- WHAT YOU HAVE TO DO -
Please report the number of lines in the entries below that contain "Section", with nothing added.

⟨

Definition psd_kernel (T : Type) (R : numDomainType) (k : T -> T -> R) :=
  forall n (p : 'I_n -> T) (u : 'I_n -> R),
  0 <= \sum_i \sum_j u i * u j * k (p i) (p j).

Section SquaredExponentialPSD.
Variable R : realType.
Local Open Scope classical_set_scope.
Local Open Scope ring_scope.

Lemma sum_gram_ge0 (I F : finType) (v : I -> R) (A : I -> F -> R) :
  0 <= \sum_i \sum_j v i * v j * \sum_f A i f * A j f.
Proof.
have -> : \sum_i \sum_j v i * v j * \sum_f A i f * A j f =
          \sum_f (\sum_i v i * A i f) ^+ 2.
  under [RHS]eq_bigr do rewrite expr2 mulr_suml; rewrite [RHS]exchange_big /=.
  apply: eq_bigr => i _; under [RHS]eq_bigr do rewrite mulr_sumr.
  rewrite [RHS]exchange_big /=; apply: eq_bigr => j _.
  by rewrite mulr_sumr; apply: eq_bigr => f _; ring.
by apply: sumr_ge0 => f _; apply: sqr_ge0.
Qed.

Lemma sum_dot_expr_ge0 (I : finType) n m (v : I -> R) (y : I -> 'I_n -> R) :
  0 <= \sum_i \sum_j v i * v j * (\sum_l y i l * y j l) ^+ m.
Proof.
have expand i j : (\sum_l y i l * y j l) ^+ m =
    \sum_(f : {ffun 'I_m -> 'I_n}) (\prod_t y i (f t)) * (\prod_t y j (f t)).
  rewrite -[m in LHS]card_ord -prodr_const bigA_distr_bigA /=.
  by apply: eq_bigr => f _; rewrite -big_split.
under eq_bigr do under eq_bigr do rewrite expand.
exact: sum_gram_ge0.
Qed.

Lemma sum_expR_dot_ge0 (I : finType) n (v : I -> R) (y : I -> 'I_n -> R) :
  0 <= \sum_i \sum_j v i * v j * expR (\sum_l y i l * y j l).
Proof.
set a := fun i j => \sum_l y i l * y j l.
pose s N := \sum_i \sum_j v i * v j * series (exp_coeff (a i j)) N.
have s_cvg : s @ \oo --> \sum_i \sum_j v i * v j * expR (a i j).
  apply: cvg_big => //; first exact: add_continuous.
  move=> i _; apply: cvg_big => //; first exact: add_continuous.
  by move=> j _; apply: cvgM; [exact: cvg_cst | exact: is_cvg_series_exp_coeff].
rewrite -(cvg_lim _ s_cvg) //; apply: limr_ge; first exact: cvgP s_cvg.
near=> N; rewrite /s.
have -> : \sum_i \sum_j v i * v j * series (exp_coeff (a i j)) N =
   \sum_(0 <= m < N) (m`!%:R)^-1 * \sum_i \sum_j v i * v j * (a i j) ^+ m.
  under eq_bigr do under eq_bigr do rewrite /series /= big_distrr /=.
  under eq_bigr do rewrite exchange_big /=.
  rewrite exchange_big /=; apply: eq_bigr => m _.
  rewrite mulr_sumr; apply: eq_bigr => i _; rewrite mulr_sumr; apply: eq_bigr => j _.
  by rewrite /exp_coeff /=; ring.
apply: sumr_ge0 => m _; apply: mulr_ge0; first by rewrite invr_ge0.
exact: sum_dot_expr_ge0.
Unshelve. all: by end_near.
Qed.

⟩
⟨

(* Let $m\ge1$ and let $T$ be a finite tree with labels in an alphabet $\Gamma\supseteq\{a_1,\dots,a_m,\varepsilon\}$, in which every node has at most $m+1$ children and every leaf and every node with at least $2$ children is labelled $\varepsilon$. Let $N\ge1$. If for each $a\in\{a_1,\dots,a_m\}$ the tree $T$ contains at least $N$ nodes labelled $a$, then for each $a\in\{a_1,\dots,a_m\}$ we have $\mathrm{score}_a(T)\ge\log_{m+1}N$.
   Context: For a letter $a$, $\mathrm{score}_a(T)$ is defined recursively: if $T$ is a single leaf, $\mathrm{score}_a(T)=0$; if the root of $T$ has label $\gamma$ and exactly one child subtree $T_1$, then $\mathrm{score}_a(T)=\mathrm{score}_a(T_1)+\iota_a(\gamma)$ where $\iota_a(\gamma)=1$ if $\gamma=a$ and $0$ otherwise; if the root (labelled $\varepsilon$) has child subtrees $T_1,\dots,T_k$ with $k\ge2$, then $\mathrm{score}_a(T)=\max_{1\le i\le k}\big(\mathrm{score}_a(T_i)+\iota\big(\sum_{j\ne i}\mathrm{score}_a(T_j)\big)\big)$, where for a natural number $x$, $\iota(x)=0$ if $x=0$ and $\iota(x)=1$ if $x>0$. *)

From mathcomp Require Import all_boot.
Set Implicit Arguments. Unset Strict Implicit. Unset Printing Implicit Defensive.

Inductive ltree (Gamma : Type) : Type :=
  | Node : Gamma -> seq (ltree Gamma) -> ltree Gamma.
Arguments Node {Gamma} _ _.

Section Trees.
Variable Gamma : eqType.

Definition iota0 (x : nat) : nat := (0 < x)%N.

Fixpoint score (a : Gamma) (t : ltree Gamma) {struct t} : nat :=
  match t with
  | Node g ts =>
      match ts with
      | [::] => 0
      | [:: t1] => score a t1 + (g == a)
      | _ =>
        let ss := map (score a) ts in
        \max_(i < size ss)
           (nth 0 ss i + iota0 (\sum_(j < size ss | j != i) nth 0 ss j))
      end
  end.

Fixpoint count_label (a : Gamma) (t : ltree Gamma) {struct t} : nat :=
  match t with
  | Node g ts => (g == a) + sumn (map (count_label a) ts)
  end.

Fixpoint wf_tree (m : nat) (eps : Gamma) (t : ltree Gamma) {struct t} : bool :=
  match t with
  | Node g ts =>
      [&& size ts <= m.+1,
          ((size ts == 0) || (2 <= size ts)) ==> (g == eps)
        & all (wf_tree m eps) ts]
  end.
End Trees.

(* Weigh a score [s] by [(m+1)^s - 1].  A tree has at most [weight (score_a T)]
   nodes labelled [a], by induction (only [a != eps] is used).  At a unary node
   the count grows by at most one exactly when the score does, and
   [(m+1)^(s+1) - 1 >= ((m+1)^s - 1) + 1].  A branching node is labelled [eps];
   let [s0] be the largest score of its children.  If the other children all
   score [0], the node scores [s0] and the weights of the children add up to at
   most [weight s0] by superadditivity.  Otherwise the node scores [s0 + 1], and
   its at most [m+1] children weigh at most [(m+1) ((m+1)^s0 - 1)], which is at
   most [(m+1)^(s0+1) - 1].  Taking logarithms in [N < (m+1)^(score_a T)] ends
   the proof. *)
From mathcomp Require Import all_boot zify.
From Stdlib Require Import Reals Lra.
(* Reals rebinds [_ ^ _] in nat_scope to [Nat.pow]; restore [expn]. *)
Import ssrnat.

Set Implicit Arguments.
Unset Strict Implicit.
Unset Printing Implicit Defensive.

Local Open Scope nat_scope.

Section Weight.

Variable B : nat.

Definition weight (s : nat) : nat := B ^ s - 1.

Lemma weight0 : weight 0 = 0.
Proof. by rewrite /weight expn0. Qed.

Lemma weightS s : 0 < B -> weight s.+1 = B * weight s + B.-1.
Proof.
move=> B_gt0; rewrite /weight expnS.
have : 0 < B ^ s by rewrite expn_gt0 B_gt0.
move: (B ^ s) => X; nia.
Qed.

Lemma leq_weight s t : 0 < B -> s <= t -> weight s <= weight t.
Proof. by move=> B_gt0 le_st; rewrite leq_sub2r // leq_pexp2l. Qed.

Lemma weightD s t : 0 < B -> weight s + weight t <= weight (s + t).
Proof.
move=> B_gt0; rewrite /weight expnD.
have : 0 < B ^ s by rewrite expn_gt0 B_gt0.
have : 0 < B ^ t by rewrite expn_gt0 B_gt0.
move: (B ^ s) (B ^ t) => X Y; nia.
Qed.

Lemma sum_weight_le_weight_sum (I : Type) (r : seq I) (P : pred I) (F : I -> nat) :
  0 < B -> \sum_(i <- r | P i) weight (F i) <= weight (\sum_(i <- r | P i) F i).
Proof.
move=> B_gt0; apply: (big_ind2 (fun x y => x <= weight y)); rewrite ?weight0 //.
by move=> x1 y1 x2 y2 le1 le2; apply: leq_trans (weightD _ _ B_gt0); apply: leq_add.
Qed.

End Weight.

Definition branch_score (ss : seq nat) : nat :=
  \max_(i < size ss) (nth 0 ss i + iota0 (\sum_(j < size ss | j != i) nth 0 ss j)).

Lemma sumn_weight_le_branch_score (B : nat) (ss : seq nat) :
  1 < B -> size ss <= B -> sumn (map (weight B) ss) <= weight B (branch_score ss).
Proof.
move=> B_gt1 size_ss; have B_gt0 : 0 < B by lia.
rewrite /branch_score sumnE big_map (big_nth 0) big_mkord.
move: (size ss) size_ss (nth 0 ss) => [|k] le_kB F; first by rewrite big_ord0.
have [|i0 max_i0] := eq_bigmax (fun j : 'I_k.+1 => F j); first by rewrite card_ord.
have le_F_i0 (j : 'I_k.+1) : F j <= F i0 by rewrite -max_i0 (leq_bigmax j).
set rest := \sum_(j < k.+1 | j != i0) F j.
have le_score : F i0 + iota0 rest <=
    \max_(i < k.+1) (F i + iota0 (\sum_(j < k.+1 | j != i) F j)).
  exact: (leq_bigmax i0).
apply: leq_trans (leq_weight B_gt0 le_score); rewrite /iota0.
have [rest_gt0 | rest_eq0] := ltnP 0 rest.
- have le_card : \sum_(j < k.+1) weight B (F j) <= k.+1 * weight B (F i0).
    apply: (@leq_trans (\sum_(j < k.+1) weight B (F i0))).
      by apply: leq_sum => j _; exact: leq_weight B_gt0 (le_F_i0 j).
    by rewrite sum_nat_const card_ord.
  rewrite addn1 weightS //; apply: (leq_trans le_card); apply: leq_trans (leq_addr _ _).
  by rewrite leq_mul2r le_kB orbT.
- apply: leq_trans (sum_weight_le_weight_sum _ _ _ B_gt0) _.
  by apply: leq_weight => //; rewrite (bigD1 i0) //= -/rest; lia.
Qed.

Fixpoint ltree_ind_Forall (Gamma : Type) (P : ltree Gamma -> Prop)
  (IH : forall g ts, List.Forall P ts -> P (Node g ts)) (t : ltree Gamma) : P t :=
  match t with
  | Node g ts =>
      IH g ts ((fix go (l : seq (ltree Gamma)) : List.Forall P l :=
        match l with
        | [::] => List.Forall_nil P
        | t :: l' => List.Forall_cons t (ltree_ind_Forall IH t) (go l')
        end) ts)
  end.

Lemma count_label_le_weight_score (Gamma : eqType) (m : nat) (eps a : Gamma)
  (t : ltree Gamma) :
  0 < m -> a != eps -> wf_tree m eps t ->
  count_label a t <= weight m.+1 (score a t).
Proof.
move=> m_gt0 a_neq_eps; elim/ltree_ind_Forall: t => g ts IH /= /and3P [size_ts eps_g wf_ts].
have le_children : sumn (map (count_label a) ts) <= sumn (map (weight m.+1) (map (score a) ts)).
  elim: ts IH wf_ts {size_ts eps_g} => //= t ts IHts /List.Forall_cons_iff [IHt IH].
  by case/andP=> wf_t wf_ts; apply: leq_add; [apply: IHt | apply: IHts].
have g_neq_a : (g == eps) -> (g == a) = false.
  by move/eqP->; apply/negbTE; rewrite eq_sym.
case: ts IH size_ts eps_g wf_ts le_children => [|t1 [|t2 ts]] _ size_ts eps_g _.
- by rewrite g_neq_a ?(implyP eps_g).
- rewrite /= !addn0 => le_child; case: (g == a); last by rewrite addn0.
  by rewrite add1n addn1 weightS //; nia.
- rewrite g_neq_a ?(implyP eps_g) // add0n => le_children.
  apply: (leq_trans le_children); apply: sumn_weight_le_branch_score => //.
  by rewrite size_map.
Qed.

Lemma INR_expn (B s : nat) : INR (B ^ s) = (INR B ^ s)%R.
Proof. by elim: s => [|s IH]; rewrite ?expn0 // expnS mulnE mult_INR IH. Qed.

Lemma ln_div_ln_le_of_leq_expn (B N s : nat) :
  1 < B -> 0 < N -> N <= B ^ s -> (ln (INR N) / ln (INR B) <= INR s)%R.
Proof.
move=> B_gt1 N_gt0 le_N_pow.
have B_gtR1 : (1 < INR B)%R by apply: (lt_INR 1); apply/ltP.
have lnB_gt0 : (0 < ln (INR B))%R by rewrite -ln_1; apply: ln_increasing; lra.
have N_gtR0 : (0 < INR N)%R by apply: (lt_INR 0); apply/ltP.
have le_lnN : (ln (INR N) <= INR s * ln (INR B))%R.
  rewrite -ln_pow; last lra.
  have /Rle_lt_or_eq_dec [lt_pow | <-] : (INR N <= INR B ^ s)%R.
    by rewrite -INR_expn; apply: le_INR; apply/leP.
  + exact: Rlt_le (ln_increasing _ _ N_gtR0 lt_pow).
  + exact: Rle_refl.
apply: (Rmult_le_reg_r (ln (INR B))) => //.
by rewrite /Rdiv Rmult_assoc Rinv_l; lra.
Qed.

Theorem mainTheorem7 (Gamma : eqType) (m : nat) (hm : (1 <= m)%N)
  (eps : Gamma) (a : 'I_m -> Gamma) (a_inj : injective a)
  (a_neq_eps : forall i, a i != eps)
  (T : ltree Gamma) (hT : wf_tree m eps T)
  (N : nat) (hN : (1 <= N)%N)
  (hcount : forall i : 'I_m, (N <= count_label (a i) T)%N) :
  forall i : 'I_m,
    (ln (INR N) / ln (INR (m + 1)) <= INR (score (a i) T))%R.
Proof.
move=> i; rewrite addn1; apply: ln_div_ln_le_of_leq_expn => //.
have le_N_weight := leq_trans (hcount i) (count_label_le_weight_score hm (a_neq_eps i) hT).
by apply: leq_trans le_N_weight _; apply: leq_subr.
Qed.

⟩

- RESPONSE BELOW -
3